Sage advice, but largely meaningless. Covers sell books. A friend of a friend who writes romance eBooks advised me, if I ever published that way, to make sure that the cover looked like all the other covers for the same kind of book. She wasn’t talking about how good the cover looked. She was talking about branding. Did the cover scream at the top of its voice Romance, or Science Fiction, or Zombie Book.
I understood exactly what she meant, from sad experience. The cover for A Fond Farewell to Dying has an angel with a trumpet calling what appear to be dead folks out of some boxes. It fit the story only by a massive stretch of imagination, but it did look like one of those End of the World books that used to be popular. I found it once on a spinner rack of Christian books. Somebody got a surprise when they got home that night.

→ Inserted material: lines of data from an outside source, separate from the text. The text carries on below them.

Fixpoint ren_aty (r : nat -> nat) (S0 : aty) {struct S0} : aty :=
  match S0 with
  | ANat => ANat
  | APi th S1 S2 => APi th (ren_aty r S1) (ren_aty (up_ren r) S2)
  | AEq a1 a2 => AEq (ren_atm r a1) (ren_atm r a2)
  | ATerm a => ATerm (ren_atm r a)
  end
with ren_atm (r : nat -> nat) (a0 : atm) {struct a0} : atm :=
  match a0 with
  | avar x => avar (r x)
  | aapp a1 a2 => aapp (ren_atm r a1) (ren_atm r a2)
  | alam th S1 a => alam th (ren_aty r S1) (ren_atm (up_ren r) a)
  | azero => azero
  | asuc a => asuc (ren_atm r a)
  | arecnat S1 a => arecnat (ren_aty (up_ren r) S1) (ren_atm (up_ren (up_ren r)) a)
  | arec S1 S2 a => arec (ren_aty r S1) (ren_aty (up_ren r) S2)
                         (ren_atm (up_ren (up_ren r)) a)
  | acase S1 a1 a2 a3 => acase (ren_aty (up_ren r) S1) (ren_atm r a1)
                               (ren_atm r a2) (ren_atm r a3)
  | ajoin a1 a2 => ajoin (ren_atm r a1) (ren_atm r a2)
  | aconv S1 a1 a2 => aconv (ren_aty (up_ren r) S1) (ren_atm r a1) (ren_atm r a2)
  | aterminates a => aterminates (ren_atm r a)
  | areflect a1 a2 => areflect (ren_atm r a1) (ren_atm r a2)
  | ainv a1 a2 => ainv (ren_atm r a1) (ren_atm r a2)
  | acontra S1 a => acontra (ren_aty r S1) (ren_atm r a)
  | aabort S1 => aabort (ren_aty r S1)
  end.

Definition up_asub (s : nat -> atm) : nat -> atm :=
  fun n => match n with 0 => avar 0 | S k => ren_atm S (s k) end.

Fixpoint subst_aty (s : nat -> atm) (S0 : aty) {struct S0} : aty :=
  match S0 with
  | ANat => ANat
  | APi th S1 S2 => APi th (subst_aty s S1) (subst_aty (up_asub s) S2)
  | AEq a1 a2 => AEq (subst_atm s a1) (subst_atm s a2)
  | ATerm a => ATerm (subst_atm s a)
  end
with subst_atm (s : nat -> atm) (a0 : atm) {struct a0} : atm :=
  match a0 with
  | avar x => s x
  | aapp a1 a2 => aapp (subst_atm s a1) (subst_atm s a2)
  | alam th S1 a => alam th (subst_aty s S1) (subst_atm (up_asub s) a)
  | azero => azero
  | asuc a => asuc (subst_atm s a)
  | arecnat S1 a => arecnat (subst_aty (up_asub s) S1)
                            (subst_atm (up_asub (up_asub s)) a)
  | arec S1 S2 a => arec (subst_aty s S1) (subst_aty (up_asub s) S2)
                         (subst_atm (up_asub (up_asub s)) a)
  | acase S1 a1 a2 a3 => acase (subst_aty (up_asub s) S1) (subst_atm s a1)
                               (subst_atm s a2) (subst_atm s a3)
  | ajoin a1 a2 => ajoin (subst_atm s a1) (subst_atm s a2)
  | aconv S1 a1 a2 => aconv (subst_aty (up_asub s) S1) (subst_atm s a1)
                            (subst_atm s a2)
  | aterminates a => aterminates (subst_atm s a)
  | areflect a1 a2 => areflect (subst_atm s a1) (subst_atm s a2)
  | ainv a1 a2 => ainv (subst_atm s a1) (subst_atm s a2)
  | acontra S1 a => acontra (subst_aty s S1) (subst_atm s a)
  | aabort S1 => aabort (subst_aty s S1)
  end.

At least it used to be that you could pick up a paperback and read the blurb, but that is usually wildly inaccurate. The only hope you had, in the days when people went to bookstores and actually handled the books they were about to buy, was to read.
Usually, the first few pages would tell you if you wanted to continue. That is why every how-to-write book you’ve ever read stresses making the first page great. That also works for selling manuscripts. If the first page is terrible, no reader or editor will ever read page two. Of course, there are fifty other hoops to jump through between a good first page and a sale.
At least a good first page might sell a book once it’s published and on the newsstand. The reader won’t come to hate you until he has slid into bed, with the light burning, and then finds out that everything goes south after page fourteen. All tucked in and nothing to read; and out a few dollars besides. Grrrrr.
So what do you do if you buy on line? You use the Read Me function, of course.
Technology giveth and technology taketh away, and the Read Me function is a pure gift. It’s like thumbing through the first pages of a novel by a new author in the newsstand to see if you like him (or her), but without the clerk giving you the stink eye. And you can do it in the comfort of your own home. It’s heaven.
It’s amazing how many books I haven’t bought, because of the Read Me function.